HIGH FLYERS WANTED As Beijing begins to ease airport restrictions and China's economy continues to expand, more people will be able to afford their own aircraft


China's growing billionaire club is attracting makers of champagne- and caviar-stocked private jets, but regulations and other barriers to entry are keeping the potentially lucrative business grounded.

Lack of airport infrastructure, high landing fees set by the government, restrictive military control of much of China's airspace and policies that hinder individuals and companies from operating private jets are just some of the obstacles.

But some of the restrictions are slowly being eased and private estimates put China's business jet market at over US$9 billion within 10 years, with the number of jets expected to rise from a couple of dozen to over 600.

"There are more private jets in the greater Los Angeles area than in the whole of China at the moment but we expect it to be fast-growing," said David Dixon, Asia Pacific vice president for regional jet maker Bombardier Aerospace.

Canada's Bombardier is vying with traditional rival Embraer SA of Brazil and Gulfstream, a unit of General Dynamics, for a slice of the private jet market in China -- where the economy is growing at nearly 10 percent.

While still small, the number of Chinese able to afford the millions of dollars for their own aircraft is growing.

"As soon as regulations are relaxed, you will see numbers double every year," said Jim Eckes, managing director of consultant IndoSwiss Aviation.

The minimum worth required to make Forbes' list of China's 100 richest people rose to US$100 million last year from US$6 million in 1999, when the US magazine first published the list.

"If you have that much money you can support a used corporate jet very nicely," Eckes said.

But the US$22 billion combined wealth of China's rich list pales in comparison to the US -- where the net worth of the Forbes 400 list totals US$955 billion.

At a recent Asian business aviation exhibition and conference in Hong Kong, the first organized by a US industry group, a Bombardier salesman said he spotted only one genuine buyer checking out four jets parked on the runway apron.

Next year, the show heads to Shanghai hoping for better turnout and orders from firms, such as Broad Air Conditioning, which need executive access to their sprawling markets.

Based in Changsha, Hunan Province, Broad Air Conditioning is one of very few Chinese companies to own an aircraft -- a Cessna made by US firm Textron Inc.

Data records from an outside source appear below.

(* For any hypothesis class $\mathcal{H}\subseteq\{0,1\}^{\mathcal{X}}$, as a function of the time horizon $T$, $$\inf_{\mathcal{A}}\operatorname{M}_{\mathcal{A}}(T,\mathcal{H}) = \begin{cases}\Theta(1), & \text{if } \operatorname{W}(\mathcal{H})=1,\\ \Theta(\sqrt{T}), & \text{if } 2\le \operatorname{W}(\mathcal{H})<\infty,\\ \Theta(T), & \text{if } \operatorname{W}(\mathcal{H})=\infty,\end{cases}$$ where the infimum is over all (possibly randomized) online learners operating under apple tasting feedback.
   Context: Online binary classification: over rounds $t=1,\dots,T$, an adversary picks $(x_t,y_t)\in\mathcal{X}\times\{0,1\}$ and reveals $x_t$; the learner $\mathcal{A}$ (possibly randomized) outputs $\hat y_t=\mathcal{A}(x_t)\in\{0,1\}$ based on the history; under apple tasting feedback the learner observes $y_t$ only if $\hat y_t=1$. $\operatorname{M}_{\mathcal{A}}(T,\mathcal{H}) := \sup_{h\in\mathcal{H}}\sup_{x_1,\dots,x_T}\mathbb{E}\bigl[\sum_{t=1}^T \mathbb{1}\{\mathcal{A}(x_t)\neq h(x_t)\}\bigr]$ (labels $y_t=h(x_t)$, expectation over the learner's randomness). AL tree of width $w\in\mathbb{N}=\{1,2,\dots\}$ and depth $d$: a binary string $u$ is an internal node if $|u|<d$ and $u$ has fewer than $w$ ones; the tree assigns $x_u\in\mathcal{X}$ to each internal node. A path is a binary string $\sigma$ whose proper prefixes are all internal nodes but which is not itself one. The tree is shattered by $\mathcal{H}$ if for every path $\sigma$ some $h\in\mathcal{H}$ satisfies $h(x_{(\sigma_1,\dots,\sigma_{i-1})})=\sigma_i$ for all $i\le|\sigma|$. $\operatorname{AL}_w(\mathcal{H})$ is the largest $d$ such that such a tree of width $w$ and depth $d$ is shattered ($\infty$ if unbounded, $0$ if none). The Effective width $\operatorname{W}(\mathcal{H})$ is the smallest $w\in\mathbb{N}$ with $\operatorname{AL}_w(\mathcal{H})<\infty$, and $\infty$ if none exists. *)

From HB Require Import structures.
From mathcomp Require Import all_boot all_order all_algebra.
From mathcomp Require Import all_classical all_reals.
Set Implicit Arguments.
Unset Strict Implicit.
Unset Printing Implicit Defensive.
Import Order.TTheory GRing.Theory Num.Theory.
Local Open Scope classical_set_scope.
Local Open Scope ring_scope.

(* A history entry for round s is (x_s, fb_s) with                           *)
(*   fb_s = None    : the learner predicted 0 (label not observed),          *)
(*   fb_s = Some y  : the learner predicted 1 and observed label y.          *)
(* This records exactly what the learner sees (instances, its own past       *)
(* predictions, and the apple-tasting feedback).                             *)
(* A (possibly randomized) learner is given in behavioural form: from the    *)
(* observed history and the current instance it outputs the probability of   *)
(* predicting 1.                                                             *)

Definition history (X : Type) := seq (X * option bool).

Record learner (R : realType) (X : Type) := Learner {
  lprob :> history X -> X -> R;
  lprob_ge0 : forall hs x, 0 <= lprob hs x;
  lprob_le1 : forall hs x, lprob hs x <= 1
}.

Fixpoint exp_mistakes (R : realType) (X : Type) (A : learner R X)
  (h : X -> bool) (hs : history X) (xs : seq X) : R :=
  match xs with
  | [::] => 0
  | x :: xs' =>
      let p := A hs x in
      p * ((~~ h x)%:R + exp_mistakes A h (rcons hs (x, Some (h x))) xs')
      + (1 - p) * ((h x)%:R + exp_mistakes A h (rcons hs (x, None)) xs')
  end.

Definition M (R : realType) (X : Type) (A : learner R X)
  (T : nat) (H : set (X -> bool)) : R :=
  sup [set exp_mistakes A h [::] xs | h in H & xs in [set xs : seq X | size xs = T]].

Definition opt_mistakes (R : realType) (X : Type) (H : set (X -> bool))
  (T : nat) : R :=
  inf [set M A T H | A in [set: learner R X]].

Definition internal (w d : nat) (u : seq bool) : bool :=
  (size u < d)%N && (count id u < w)%N.

Definition is_path (w d : nat) (s : seq bool) : Prop :=
  (forall i, (i < size s)%N -> internal w d (take i s)) /\ ~~ internal w d s.

Definition shattered (X : Type) (H : set (X -> bool)) (w d : nat)
  (tr : seq bool -> X) : Prop :=
  forall s, is_path w d s ->
    exists2 h, H h & forall i, (i < size s)%N -> h (tr (take i s)) = nth false s i.

(* AL_w(H) < oo : the depths of shattered width-w AL trees are bounded      *)
(* (this includes the case where none is shattered, AL_w(H) = 0).           *)
Definition AL_finite (X : Type) (H : set (X -> bool)) (w : nat) : Prop :=
  exists D : nat, forall d : nat,
    (exists tr : seq bool -> X, shattered H w d tr) -> (d <= D)%N.

(* Effective width W(H): Some w = smallest w >= 1 with AL_w(H) < oo,        *)
(* None = oo.                                                                *)
Definition W_pred (X : Type) (H : set (X -> bool)) : pred nat :=
  fun w => `[< (0 < w)%N /\ AL_finite H w >].

Definition eff_width (X : Type) (H : set (X -> bool)) : option nat :=
  match pselect (exists w, W_pred H w) with
  | left ex => Some (ex_minn ex)
  | right _ => None
  end.

Definition bigO1 (R : realType) (f : nat -> R) : Prop :=
  exists C : R, 0 < C /\ exists T0 : nat, forall T, (T0 <= T)%N -> f T <= C.

Definition bigTheta (R : realType) (f g : nat -> R) : Prop :=
  exists c C : R, [/\ 0 < c, 0 < C &
    exists T0 : nat, forall T, (T0 <= T)%N -> c * g T <= f T <= C * g T].

From mathcomp Require Import all_boot all_order all_algebra.
From mathcomp Require Import all_classical all_reals.
From mathcomp Require Import lra zify ring.
Import Order.TTheory GRing.Theory Num.Theory.
Set Implicit Arguments.
Unset Strict Implicit.
Unset Printing Implicit Defensive.
Local Open Scope ring_scope.
Local Open Scope classical_set_scope.

(* The learner keeps the version space V of the observed labels and a
   width budget a (initially w = W(H)), and ranks V by r = AL_a(V) + 1.  If the
   hypotheses of V labelling x by 0 have smaller rank, it predicts 1, and a mistake
   lowers r.  Otherwise it predicts 1 only with probability eps; if the label 1 is then
   revealed, V is restricted and the budget lowered to a - 1, and r drops as well,
   because otherwise the two restrictions of V would be the subtrees of a deeper
   shattered tree.  With eps K >= 1 the potential (a - 1) K + r pays for every mistake
   but an expected eps per round, so the expected number of mistakes is at most
   (w - 1) K + AL_w(H) + 1 + eps T: take K = 1/eps = sqrt T, or eps = K = 0 when w = 1.

   If AL_T(H) >= T, labelling a shattered width-T tree along a uniformly
   random walk forces T/2 expected mistakes.  If AL_1(H) is unbounded, let c_0 ... c_(k-1)
   be the leftmost spine of a shattered width-1 tree, with k^2 <= T.  The sequence
   repeating each c_i k times with label 0, together with its k variants that label the
   block of c_j by 1 and stop there, are all realizable, and one of them forces k/2
   mistakes. *)

Section ConvexCombination.
Variable R : realType.
Implicit Types p a b c : R.

Lemma ler_convex_comb p a b (a' b' : R) : 0 <= p <= 1 -> a <= a' -> b <= b' ->
  p * a + (1 - p) * b <= p * a' + (1 - p) * b'.
Proof.
move=> /andP[p0 p1] aa' bb'; apply: lerD; first exact: ler_wpM2l.
by apply: ler_wpM2l; rewrite ?subr_ge0.
Qed.

Lemma convex_comb_id p c : p * c + (1 - p) * c = c.
Proof. by rewrite -mulrDl addrC subrK mul1r. Qed.

Lemma convex_comb_le p a b c : 0 <= p <= 1 -> a <= c -> b <= c ->
  p * a + (1 - p) * b <= c.
Proof. by move=> p01 ac bc; rewrite -[leRHS](convex_comb_id p); exact: ler_convex_comb. Qed.

Lemma convex_comb_ge p a b c : 0 <= p <= 1 -> c <= a -> c <= b ->
  c <= p * a + (1 - p) * b.
Proof. by move=> p01 ca cb; rewrite -[leLHS](convex_comb_id p); exact: ler_convex_comb. Qed.

Lemma big_convex_comb (S : Type) (l : seq S) p a b (f g : S -> R) :
  \sum_(s <- l) (p * (a + f s) + (1 - p) * (b + g s)) =
  p * ((size l)%:R * a + \sum_(s <- l) f s)
  + (1 - p) * ((size l)%:R * b + \sum_(s <- l) g s).
Proof.
elim: l => [|s l IH]; first by rewrite !big_nil !mul0r !addr0 !mulr0 addr0.
by rewrite !big_cons IH /= -addn1 natrD; ring.
Qed.

Lemma has_ge_average (I : Type) (l : seq I) (f : I -> R) c :
  (0 < size l)%N -> (size l)%:R * c <= \sum_(i <- l) f i -> has (fun i => c <= f i) l.
Proof.
elim: l => [|i l IH] //= _; rewrite big_cons -addn1 natrD mulrDl mul1r => le_cs.
apply/orP; have [|lt_fc] := leP c (f i); [by left | right].
case: l IH le_cs => [|j l] IH le_cs; first by rewrite big_nil mul0r in le_cs; lra.
by apply: IH => //; lra.
Qed.

End ConvexCombination.

Section LabelledMistakes.
Variables (R : realType) (X : Type) (A : learner R X).

Fixpoint lab_mistakes (hs : history X) (ls : seq (X * bool)) : R :=
  if ls is (x, y) :: ls' then
    let p := A hs x in
    p * ((~~ y)%:R + lab_mistakes (rcons hs (x, Some y)) ls')
    + (1 - p) * (y%:R + lab_mistakes (rcons hs (x, None)) ls')
  else 0.

Lemma exp_mistakesE h hs xs :
  exp_mistakes A h hs xs = lab_mistakes hs [seq (x, h x) | x <- xs].
Proof. by elim: xs hs => //= x xs IH hs; rewrite !IH. Qed.

Lemma lprob01 hs x : 0 <= A hs x <= 1.
Proof. by rewrite lprob_ge0 lprob_le1. Qed.

Lemma lab_mistakes_ge0 hs ls : 0 <= lab_mistakes hs ls.
Proof.
elim: ls hs => [|[x y] ls IH] hs //=.
by apply: convex_comb_ge; rewrite ?lprob01 ?addr_ge0.
Qed.

Lemma lab_mistakes_le_size hs ls : lab_mistakes hs ls <= (size ls)%:R.
Proof.
elim: ls hs => [|[x y] ls IH] hs //=.
rewrite -addn1 natrD [_ + 1]addrC.
by apply: convex_comb_le; rewrite ?lprob01 // lerD //; case: y.
Qed.

Lemma lab_mistakes_cat hs l1 l2 : lab_mistakes hs l1 <= lab_mistakes hs (l1 ++ l2).
Proof.
elim: l1 hs => [|[x y] l1 IH] hs /=; first exact: lab_mistakes_ge0.
by apply: ler_convex_comb; rewrite ?lprob01 ?lerD2l.
Qed.

End LabelledMistakes.

Section WorstCase.
Variables (R : realType) (X : Type) (H : set (X -> bool)).
Implicit Types (A : learner R X) (T : nat) (c : R).

Definition mistake_set (A : learner R X) T : set R :=
  [set exp_mistakes A h [::] xs | h in H & xs in [set xs : seq X | size xs = T]].

Lemma mistake_set_ub A T : ubound (mistake_set A T) T%:R.
Proof.
move=> _ [h _ [xs /= <- <-]]; rewrite exp_mistakesE.
by rewrite -(size_map (fun x => (x, h x))) lab_mistakes_le_size.
Qed.

Lemma exp_mistakes_le_M A T h xs : H h -> size xs = T ->
  exp_mistakes A h [::] xs <= M A T H.
Proof.
move=> Hh sxs; apply: sup_upper_bound; last by exists h => //; exists xs.
by split; [exists (exp_mistakes A h [::] xs); exists h => //; exists xs
          | exists T%:R; exact: mistake_set_ub].
Qed.

Lemma M_le A T c : 0 <= c ->
  (forall h xs, H h -> size xs = T -> exp_mistakes A h [::] xs <= c) -> M A T H <= c.
Proof.
move=> c0 hc; have [ne|e] := pselect (mistake_set A T !=set0).
  by apply: ge_sup => // _ [h Hh [xs /= sxs <-]]; exact: hc.
by rewrite /M sup_out // => -[].
Qed.

Lemma M_le_horizon A T : M A T H <= T%:R.
Proof.
by apply: M_le => // h xs Hh sxs; apply: mistake_set_ub; exists h => //; exists xs.
Qed.

Lemma M_ge0 A T : 0 <= M A T H.
Proof.
have [[_ [h Hh [xs /= sxs _]]]|e] := pselect (mistake_set A T !=set0).
  by apply: le_trans (exp_mistakes_le_M A Hh sxs); rewrite exp_mistakesE lab_mistakes_ge0.
by rewrite /M sup_out // => -[].
Qed.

Embraer would not comment on sales but a South American business publication reported the plane maker closed the sale in China of a 13-seat jet for US$21.5 million in May.

The name of the buyer was not disclosed.

Analysts say opulent first-class cabins offered by Asian airlines such as Cathay Pacific Airways and Singapore Airlines, which put more emphasis than US carriers on service, may limit the allure of private planes.

And charter jet operators are also clamoring for a share. Air China began operating charters last year with one Gulfstream aircraft. Shandong Airlines and Hainan Airlines also now offer business jet services.

Hong Kong-based Metrojet, owned by the Kadoorie family that runs the city's landmark Peninsula Hotel, has seen a 20 percent increase in the number of charter flight reservations in the past 18 months and will soon take delivery of a new Gulfstream jet.

Still, private jet makers will have the right colors to go with their China-bound jets when the time is right.